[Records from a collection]

Content starts

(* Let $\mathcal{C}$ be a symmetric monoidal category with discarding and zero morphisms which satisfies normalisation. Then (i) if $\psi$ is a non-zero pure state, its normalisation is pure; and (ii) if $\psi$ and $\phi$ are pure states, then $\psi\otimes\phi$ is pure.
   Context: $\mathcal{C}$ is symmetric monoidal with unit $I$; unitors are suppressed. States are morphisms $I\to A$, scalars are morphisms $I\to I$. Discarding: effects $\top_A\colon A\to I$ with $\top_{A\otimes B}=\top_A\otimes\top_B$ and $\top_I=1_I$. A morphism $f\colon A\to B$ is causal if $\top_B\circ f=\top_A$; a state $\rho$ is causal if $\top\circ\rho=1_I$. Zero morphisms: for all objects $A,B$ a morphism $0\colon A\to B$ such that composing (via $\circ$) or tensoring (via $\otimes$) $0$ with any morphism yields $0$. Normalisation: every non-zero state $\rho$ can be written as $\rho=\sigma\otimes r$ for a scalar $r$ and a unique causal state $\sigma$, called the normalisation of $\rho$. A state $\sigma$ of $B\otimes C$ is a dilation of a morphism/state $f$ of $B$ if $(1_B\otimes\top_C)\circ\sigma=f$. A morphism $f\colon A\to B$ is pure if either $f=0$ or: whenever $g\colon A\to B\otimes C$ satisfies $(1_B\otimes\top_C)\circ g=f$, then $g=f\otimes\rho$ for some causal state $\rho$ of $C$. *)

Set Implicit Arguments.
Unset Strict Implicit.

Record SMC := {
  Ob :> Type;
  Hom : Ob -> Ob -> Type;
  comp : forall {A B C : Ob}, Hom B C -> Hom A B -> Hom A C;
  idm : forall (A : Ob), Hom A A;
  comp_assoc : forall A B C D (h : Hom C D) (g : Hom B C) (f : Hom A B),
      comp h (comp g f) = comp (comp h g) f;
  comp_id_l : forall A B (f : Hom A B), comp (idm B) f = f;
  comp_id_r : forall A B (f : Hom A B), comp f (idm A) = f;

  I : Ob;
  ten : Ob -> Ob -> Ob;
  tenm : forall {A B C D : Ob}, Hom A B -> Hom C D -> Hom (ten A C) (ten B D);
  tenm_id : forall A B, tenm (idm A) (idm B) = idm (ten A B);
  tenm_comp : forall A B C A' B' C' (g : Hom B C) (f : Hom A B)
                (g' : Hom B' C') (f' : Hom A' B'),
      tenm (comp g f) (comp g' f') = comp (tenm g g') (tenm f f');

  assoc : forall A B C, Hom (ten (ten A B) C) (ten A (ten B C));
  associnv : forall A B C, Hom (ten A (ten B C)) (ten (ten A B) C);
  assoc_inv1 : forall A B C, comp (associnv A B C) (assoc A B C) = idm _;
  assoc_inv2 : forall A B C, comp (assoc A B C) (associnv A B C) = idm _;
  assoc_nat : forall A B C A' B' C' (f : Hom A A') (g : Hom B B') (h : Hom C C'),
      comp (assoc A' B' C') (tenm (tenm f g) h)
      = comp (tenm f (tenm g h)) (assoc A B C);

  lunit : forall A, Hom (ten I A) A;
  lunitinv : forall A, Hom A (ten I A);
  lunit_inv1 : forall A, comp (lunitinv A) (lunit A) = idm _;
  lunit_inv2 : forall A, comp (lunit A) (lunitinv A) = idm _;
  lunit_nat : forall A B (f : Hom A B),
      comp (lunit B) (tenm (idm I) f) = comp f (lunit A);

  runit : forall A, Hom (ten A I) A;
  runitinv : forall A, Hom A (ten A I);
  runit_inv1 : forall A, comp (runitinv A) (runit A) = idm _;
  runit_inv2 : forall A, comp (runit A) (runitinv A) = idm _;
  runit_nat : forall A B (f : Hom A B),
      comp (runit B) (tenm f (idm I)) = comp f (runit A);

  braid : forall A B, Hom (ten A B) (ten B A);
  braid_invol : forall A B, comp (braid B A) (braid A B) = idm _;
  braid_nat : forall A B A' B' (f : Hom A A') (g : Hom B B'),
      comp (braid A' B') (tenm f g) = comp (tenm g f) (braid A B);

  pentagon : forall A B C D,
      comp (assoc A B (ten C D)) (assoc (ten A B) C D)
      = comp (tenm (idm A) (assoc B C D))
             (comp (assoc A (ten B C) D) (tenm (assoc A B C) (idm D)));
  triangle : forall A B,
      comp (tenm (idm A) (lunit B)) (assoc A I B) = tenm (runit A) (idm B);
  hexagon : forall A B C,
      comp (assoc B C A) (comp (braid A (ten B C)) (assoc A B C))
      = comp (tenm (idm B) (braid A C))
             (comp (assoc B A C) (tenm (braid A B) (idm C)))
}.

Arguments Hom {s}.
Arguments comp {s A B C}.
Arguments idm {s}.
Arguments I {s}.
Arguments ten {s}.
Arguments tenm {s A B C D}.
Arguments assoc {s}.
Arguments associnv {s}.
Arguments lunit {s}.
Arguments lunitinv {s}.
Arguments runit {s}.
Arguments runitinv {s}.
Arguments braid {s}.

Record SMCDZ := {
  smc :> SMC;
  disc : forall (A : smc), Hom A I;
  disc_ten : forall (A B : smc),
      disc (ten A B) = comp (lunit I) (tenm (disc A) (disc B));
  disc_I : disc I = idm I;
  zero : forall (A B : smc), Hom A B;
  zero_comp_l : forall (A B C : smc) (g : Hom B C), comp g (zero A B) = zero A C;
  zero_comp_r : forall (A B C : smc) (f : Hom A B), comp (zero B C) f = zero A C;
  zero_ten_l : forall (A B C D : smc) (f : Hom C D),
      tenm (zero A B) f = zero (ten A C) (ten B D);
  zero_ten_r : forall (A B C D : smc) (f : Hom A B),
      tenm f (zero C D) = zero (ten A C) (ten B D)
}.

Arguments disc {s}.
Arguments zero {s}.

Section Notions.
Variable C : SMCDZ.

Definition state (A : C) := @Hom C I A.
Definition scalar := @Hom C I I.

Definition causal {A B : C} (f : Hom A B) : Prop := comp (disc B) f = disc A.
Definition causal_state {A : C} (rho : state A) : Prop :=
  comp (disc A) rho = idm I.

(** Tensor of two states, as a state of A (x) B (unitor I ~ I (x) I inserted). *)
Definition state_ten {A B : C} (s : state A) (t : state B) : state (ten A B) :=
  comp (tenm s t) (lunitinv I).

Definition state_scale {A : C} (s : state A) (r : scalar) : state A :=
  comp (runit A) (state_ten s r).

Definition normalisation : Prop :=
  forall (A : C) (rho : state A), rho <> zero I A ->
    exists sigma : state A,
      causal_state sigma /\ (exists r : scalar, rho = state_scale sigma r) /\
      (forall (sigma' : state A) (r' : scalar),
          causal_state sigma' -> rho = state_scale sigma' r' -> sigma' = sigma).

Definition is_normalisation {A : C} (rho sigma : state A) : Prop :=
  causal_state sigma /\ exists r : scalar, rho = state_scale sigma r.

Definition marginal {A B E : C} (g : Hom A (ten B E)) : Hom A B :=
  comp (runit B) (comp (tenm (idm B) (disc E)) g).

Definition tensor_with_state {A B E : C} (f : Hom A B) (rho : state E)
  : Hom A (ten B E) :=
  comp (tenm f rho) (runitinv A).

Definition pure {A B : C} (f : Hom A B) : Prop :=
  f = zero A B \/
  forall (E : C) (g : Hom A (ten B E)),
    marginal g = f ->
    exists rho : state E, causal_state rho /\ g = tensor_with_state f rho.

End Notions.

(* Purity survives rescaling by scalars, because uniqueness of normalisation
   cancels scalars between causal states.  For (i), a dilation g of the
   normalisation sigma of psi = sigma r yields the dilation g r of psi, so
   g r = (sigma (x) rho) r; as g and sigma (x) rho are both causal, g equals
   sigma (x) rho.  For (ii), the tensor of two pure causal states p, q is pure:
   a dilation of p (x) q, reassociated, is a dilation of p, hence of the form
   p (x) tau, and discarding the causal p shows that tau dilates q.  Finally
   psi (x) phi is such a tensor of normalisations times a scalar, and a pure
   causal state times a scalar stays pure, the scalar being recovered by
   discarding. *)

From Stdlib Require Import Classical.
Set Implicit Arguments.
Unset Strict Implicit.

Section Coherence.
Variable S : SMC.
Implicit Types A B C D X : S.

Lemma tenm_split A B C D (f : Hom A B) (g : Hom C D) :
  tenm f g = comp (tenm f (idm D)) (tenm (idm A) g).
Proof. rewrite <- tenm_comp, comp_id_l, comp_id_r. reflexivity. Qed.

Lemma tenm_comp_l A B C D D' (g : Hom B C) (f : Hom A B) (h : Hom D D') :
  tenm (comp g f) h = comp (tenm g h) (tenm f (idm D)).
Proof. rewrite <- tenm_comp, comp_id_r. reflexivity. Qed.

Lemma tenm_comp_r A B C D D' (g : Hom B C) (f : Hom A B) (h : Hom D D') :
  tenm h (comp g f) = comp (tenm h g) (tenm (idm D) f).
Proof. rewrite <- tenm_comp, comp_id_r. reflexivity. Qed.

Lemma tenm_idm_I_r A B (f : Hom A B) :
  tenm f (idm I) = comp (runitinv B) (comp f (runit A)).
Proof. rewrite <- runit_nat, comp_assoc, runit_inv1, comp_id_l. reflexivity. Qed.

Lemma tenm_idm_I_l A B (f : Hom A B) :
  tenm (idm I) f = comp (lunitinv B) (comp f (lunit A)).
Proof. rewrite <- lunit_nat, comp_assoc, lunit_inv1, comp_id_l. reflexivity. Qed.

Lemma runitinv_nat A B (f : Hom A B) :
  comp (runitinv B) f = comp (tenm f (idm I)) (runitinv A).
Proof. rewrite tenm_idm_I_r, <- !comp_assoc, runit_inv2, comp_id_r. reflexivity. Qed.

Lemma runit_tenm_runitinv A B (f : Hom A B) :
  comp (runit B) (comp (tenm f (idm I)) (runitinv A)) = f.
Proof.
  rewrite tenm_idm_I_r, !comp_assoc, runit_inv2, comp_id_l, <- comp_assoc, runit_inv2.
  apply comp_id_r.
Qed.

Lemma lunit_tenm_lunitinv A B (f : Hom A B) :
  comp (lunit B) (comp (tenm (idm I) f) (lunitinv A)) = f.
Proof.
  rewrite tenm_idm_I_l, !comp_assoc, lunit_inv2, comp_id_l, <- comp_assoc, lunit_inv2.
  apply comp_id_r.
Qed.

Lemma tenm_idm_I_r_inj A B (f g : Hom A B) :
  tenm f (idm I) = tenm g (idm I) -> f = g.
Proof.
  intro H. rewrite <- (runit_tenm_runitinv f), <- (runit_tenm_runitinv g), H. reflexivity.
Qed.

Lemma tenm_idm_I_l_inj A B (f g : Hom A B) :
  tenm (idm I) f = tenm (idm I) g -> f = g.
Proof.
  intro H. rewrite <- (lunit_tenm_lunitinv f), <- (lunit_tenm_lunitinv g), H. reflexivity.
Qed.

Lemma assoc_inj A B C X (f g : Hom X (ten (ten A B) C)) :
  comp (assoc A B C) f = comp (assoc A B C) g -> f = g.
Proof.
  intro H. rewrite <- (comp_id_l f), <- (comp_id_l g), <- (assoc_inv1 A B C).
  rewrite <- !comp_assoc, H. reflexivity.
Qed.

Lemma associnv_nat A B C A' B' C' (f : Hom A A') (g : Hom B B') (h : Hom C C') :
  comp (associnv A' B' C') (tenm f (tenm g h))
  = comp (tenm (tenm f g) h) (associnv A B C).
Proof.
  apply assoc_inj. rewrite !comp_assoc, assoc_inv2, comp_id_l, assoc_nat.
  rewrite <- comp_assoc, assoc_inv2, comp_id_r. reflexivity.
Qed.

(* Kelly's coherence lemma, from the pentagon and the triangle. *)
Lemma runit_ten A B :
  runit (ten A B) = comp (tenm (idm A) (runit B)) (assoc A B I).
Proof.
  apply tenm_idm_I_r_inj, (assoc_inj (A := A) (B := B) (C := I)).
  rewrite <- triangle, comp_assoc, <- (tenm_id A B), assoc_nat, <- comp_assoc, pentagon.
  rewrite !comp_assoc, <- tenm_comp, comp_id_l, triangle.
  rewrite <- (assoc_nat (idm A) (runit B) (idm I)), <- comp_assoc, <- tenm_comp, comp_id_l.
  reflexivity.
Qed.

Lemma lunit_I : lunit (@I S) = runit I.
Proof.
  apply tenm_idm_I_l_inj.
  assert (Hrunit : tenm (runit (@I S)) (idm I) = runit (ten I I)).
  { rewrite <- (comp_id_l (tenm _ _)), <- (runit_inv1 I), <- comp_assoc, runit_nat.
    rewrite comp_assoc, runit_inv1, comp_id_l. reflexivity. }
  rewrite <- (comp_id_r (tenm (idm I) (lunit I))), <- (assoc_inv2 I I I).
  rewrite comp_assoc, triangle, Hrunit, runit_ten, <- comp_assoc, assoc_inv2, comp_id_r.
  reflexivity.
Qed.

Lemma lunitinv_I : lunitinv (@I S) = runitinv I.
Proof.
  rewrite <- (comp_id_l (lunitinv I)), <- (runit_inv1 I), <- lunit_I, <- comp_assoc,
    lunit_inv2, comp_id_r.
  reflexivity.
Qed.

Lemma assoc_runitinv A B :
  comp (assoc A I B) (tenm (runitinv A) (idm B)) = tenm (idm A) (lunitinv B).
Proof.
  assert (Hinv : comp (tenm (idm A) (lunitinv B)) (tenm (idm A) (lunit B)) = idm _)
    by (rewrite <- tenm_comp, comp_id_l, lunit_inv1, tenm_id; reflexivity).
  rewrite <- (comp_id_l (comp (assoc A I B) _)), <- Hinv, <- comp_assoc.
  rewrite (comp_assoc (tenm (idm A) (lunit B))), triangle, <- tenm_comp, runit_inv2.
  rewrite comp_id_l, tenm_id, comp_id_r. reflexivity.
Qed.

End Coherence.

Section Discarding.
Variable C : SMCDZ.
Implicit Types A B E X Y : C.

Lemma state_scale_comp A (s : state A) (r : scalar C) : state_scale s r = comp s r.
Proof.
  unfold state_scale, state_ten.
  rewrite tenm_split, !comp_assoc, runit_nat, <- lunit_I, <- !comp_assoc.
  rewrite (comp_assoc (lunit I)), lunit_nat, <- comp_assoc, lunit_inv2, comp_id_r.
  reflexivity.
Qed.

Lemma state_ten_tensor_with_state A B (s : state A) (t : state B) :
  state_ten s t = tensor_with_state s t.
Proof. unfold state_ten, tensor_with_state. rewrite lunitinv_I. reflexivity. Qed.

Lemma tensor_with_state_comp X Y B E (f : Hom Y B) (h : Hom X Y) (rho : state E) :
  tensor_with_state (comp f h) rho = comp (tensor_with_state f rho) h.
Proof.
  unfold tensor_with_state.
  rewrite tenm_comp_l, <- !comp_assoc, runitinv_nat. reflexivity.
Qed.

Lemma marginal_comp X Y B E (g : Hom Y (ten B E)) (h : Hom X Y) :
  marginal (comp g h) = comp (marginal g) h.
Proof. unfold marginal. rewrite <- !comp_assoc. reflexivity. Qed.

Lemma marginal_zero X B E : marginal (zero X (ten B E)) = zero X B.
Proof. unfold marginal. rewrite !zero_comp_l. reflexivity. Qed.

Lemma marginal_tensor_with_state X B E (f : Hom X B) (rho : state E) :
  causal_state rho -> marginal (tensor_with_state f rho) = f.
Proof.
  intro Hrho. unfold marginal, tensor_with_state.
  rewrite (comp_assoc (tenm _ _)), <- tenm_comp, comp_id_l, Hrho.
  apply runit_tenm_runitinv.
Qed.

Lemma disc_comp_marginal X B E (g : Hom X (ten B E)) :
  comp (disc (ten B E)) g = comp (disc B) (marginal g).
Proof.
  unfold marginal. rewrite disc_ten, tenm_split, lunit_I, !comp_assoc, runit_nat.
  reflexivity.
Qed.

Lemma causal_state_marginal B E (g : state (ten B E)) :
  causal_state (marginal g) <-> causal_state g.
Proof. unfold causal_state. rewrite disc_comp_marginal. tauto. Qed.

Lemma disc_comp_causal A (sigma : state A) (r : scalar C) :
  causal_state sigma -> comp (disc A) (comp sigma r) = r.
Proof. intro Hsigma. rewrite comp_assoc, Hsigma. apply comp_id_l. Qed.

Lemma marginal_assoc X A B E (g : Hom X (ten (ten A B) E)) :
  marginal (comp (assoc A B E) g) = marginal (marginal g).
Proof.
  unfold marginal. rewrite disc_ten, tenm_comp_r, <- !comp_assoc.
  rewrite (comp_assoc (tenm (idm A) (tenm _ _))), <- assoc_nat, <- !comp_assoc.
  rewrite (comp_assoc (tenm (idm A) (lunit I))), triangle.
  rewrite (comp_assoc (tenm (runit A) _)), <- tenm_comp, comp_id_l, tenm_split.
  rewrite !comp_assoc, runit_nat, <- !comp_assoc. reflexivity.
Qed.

Content ends

== What is needed ==
Set down, exactly as they stand above, the lines starting with the line with "causal_state sigma' ->" and going on through the line with "comp (tenm f rho) (runitinv A).", and no others.

== Completed task ==
          causal_state sigma' -> rho = state_scale sigma' r' -> sigma' = sigma).

Definition is_normalisation {A : C} (rho sigma : state A) : Prop :=
  causal_state sigma /\ exists r : scalar, rho = state_scale sigma r.

Definition marginal {A B E : C} (g : Hom A (ten B E)) : Hom A B :=
  comp (runit B) (comp (tenm (idm B) (disc E)) g).

Definition tensor_with_state {A B E : C} (f : Hom A B) (rho : state E)
  : Hom A (ten B E) :=
  comp (tenm f rho) (runitinv A).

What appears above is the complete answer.